Nothing but an exact copy of the records below counts as the answer.
===== Given data =====
(* In the algebra $\mathcal{A}$ described in the context, the element \[A^{\mathrm{bi}}_{s;mn}(W)=(E_n-sQ_n^2)(sQ_m^2E_m-1)-(E_m-sQ_m^2)(sQ_n^2E_n-1)\] is a right divisor of \[P^1_W(s,sE_n,Q_n)\,Y(s,sE_n,Q_n)\,\mathfrak{A}_m(W)(s,E_m,Q_m,Q_n)-P^1_W(s,sE_m,Q_m)\,Y(s,sE_m,Q_m)\,\mathfrak{A}_n(W)(s,E_n,Q_m,Q_n),\] i.e. this element equals $C\,A^{\mathrm{bi}}_{s;mn}(W)$ for some $C\in\mathcal{A}$.
   Context: $s$ is an indeterminate. $\mathcal{A}$ is the algebra of noncommutative polynomials in $E_m,E_n$ with coefficients in $\mathbb{Q}(s,Q_m,Q_n)$ written on the left, subject to $E_mE_n=E_nE_m$, $E_m\,p(s,Q_m,Q_n)=p(s,sQ_m,Q_n)E_m$, $E_n\,p(s,Q_m,Q_n)=p(s,Q_m,sQ_n)E_n$ (these are the composition rules of the operators $(E_mf)(m,n)=f(m+1,n)$, $(E_nf)(m,n)=f(m,n+1)$, $(Q_mf)(m,n)=s^mf(m,n)$, $(Q_nf)(m,n)=s^nf(m,n)$). For a pair $(E,Q)$ with $EQ=sQE$ put $\Phi_k(Q)=1-s^kQ^4$ and $u_1(s,E,Q)=\frac{1}{\Phi_6(Q)}E-\frac{s^2Q^2}{\Phi_2(Q)}$, $v_1(s,E,Q)=\frac{s^2Q^2}{\Phi_6(Q)}E-\frac{1}{\Phi_2(Q)}$, $u_2(s,E,Q)=\frac{s^{12}Q^4}{\Phi_{10}(Q)\Phi_{12}(Q)}E^2-\frac{s^4(1+s^2)Q^2}{\Phi_6(Q)\Phi_{10}(Q)}E+\frac{1}{\Phi_4(Q)\Phi_6(Q)}$, $v_2(s,E,Q)=\frac{1}{\Phi_{10}(Q)\Phi_{12}(Q)}E^2-\frac{s^2(1+s^2)Q^2}{\Phi_6(Q)\Phi_{10}(Q)}E+\frac{s^4Q^4}{\Phi_4(Q)\Phi_6(Q)}$, $Y(s,E,Q)=u_2u_1(E-s^2Q^2)$, and $P^1_W(s,E,Q)=(E+1)\frac{(1-s^2Q^2)(1-s^6Q^2)}{1+s^4Q^2}$; $P^1_W(s,sE,Q)$ and $Y(s,sE,Q)$ mean substituting $sE$ for $E$. With $u_i,v_i,Y$ taken at $(s,E_m,Q_m)$ define $P^0_W(s,E_m,Q_m,Q_n)=(s^2-s^4)u_2v_1(Q_m^2E_m-1)+s^2(Q_n^2+1+Q_n^{-2})u_2u_1(Q_m^2E_m-1)+s^2u_2u_1(s^2Q_m^2+s^{-2}Q_m^{-2})(Q_m^2E_m-1)+(s^2-s^4)u_2(Q_m^2E_m-1)-Y(Q_m^2Q_n^2+Q_m^2Q_n^{-2}+3+Q_m^{-2}Q_n^2+Q_m^{-2}Q_n^{-2})+s^{-2}(Q_n^2-s^2+Q_n^{-2})v_2v_1(E_m-s^2Q_m^2)+s^{-2}v_2v_1(s^2Q_m^2+s^{-2}Q_m^{-2})(E_m-s^2Q_m^2)+(s^{-4}-s^{-2})v_2Q_m^{-2}(E_m-s^2Q_m^2)-s^{-4}v_2u_1(E_m-s^2Q_m^2)$, and $\mathfrak{A}_m(W)(s,E_m,Q_m,Q_n)=P^1_W(s,sE_m,Q_m)P^0_W(s,sE_m,Q_m,Q_n)$ (substitute $sE_m$ for $E_m$). $\mathfrak{A}_n(W)(s,E_n,Q_m,Q_n)$ is the same expression with $E_m$ replaced by $E_n$ and the roles of $Q_m$ and $Q_n$ interchanged. (These are annihilating operators of the colored Jones polynomial of the Whitehead link.) *)

From HB Require Import structures.
From mathcomp Require Import all_boot all_order all_algebra.
From mathcomp Require Import fraction.
From mathcomp.multinomials Require Import mpoly.
Set Implicit Arguments. Unset Strict Implicit. Unset Printing Implicit Defensive.
Import Order.TTheory GRing.Theory.
Local Open Scope ring_scope.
=====
Response to the task:
(* In the algebra $\mathcal{A}$ described in the context, the element \[A^{\mathrm{bi}}_{s;mn}(W)=(E_n-sQ_n^2)(sQ_m^2E_m-1)-(E_m-sQ_m^2)(sQ_n^2E_n-1)\] is a right divisor of \[P^1_W(s,sE_n,Q_n)\,Y(s,sE_n,Q_n)\,\mathfrak{A}_m(W)(s,E_m,Q_m,Q_n)-P^1_W(s,sE_m,Q_m)\,Y(s,sE_m,Q_m)\,\mathfrak{A}_n(W)(s,E_n,Q_m,Q_n),\] i.e. this element equals $C\,A^{\mathrm{bi}}_{s;mn}(W)$ for some $C\in\mathcal{A}$.
   Context: $s$ is an indeterminate. $\mathcal{A}$ is the algebra of noncommutative polynomials in $E_m,E_n$ with coefficients in $\mathbb{Q}(s,Q_m,Q_n)$ written on the left, subject to $E_mE_n=E_nE_m$, $E_m\,p(s,Q_m,Q_n)=p(s,sQ_m,Q_n)E_m$, $E_n\,p(s,Q_m,Q_n)=p(s,Q_m,sQ_n)E_n$ (these are the composition rules of the operators $(E_mf)(m,n)=f(m+1,n)$, $(E_nf)(m,n)=f(m,n+1)$, $(Q_mf)(m,n)=s^mf(m,n)$, $(Q_nf)(m,n)=s^nf(m,n)$). For a pair $(E,Q)$ with $EQ=sQE$ put $\Phi_k(Q)=1-s^kQ^4$ and $u_1(s,E,Q)=\frac{1}{\Phi_6(Q)}E-\frac{s^2Q^2}{\Phi_2(Q)}$, $v_1(s,E,Q)=\frac{s^2Q^2}{\Phi_6(Q)}E-\frac{1}{\Phi_2(Q)}$, $u_2(s,E,Q)=\frac{s^{12}Q^4}{\Phi_{10}(Q)\Phi_{12}(Q)}E^2-\frac{s^4(1+s^2)Q^2}{\Phi_6(Q)\Phi_{10}(Q)}E+\frac{1}{\Phi_4(Q)\Phi_6(Q)}$, $v_2(s,E,Q)=\frac{1}{\Phi_{10}(Q)\Phi_{12}(Q)}E^2-\frac{s^2(1+s^2)Q^2}{\Phi_6(Q)\Phi_{10}(Q)}E+\frac{s^4Q^4}{\Phi_4(Q)\Phi_6(Q)}$, $Y(s,E,Q)=u_2u_1(E-s^2Q^2)$, and $P^1_W(s,E,Q)=(E+1)\frac{(1-s^2Q^2)(1-s^6Q^2)}{1+s^4Q^2}$; $P^1_W(s,sE,Q)$ and $Y(s,sE,Q)$ mean substituting $sE$ for $E$. With $u_i,v_i,Y$ taken at $(s,E_m,Q_m)$ define $P^0_W(s,E_m,Q_m,Q_n)=(s^2-s^4)u_2v_1(Q_m^2E_m-1)+s^2(Q_n^2+1+Q_n^{-2})u_2u_1(Q_m^2E_m-1)+s^2u_2u_1(s^2Q_m^2+s^{-2}Q_m^{-2})(Q_m^2E_m-1)+(s^2-s^4)u_2(Q_m^2E_m-1)-Y(Q_m^2Q_n^2+Q_m^2Q_n^{-2}+3+Q_m^{-2}Q_n^2+Q_m^{-2}Q_n^{-2})+s^{-2}(Q_n^2-s^2+Q_n^{-2})v_2v_1(E_m-s^2Q_m^2)+s^{-2}v_2v_1(s^2Q_m^2+s^{-2}Q_m^{-2})(E_m-s^2Q_m^2)+(s^{-4}-s^{-2})v_2Q_m^{-2}(E_m-s^2Q_m^2)-s^{-4}v_2u_1(E_m-s^2Q_m^2)$, and $\mathfrak{A}_m(W)(s,E_m,Q_m,Q_n)=P^1_W(s,sE_m,Q_m)P^0_W(s,sE_m,Q_m,Q_n)$ (substitute $sE_m$ for $E_m$). $\mathfrak{A}_n(W)(s,E_n,Q_m,Q_n)$ is the same expression with $E_m$ replaced by $E_n$ and the roles of $Q_m$ and $Q_n$ interchanged. (These are annihilating operators of the colored Jones polynomial of the Whitehead link.) *)

From HB Require Import structures.
From mathcomp Require Import all_boot all_order all_algebra.
From mathcomp Require Import fraction.
From mathcomp.multinomials Require Import mpoly.
Set Implicit Arguments. Unset Strict Implicit. Unset Printing Implicit Defensive.
Import Order.TTheory GRing.Theory.
Local Open Scope ring_scope.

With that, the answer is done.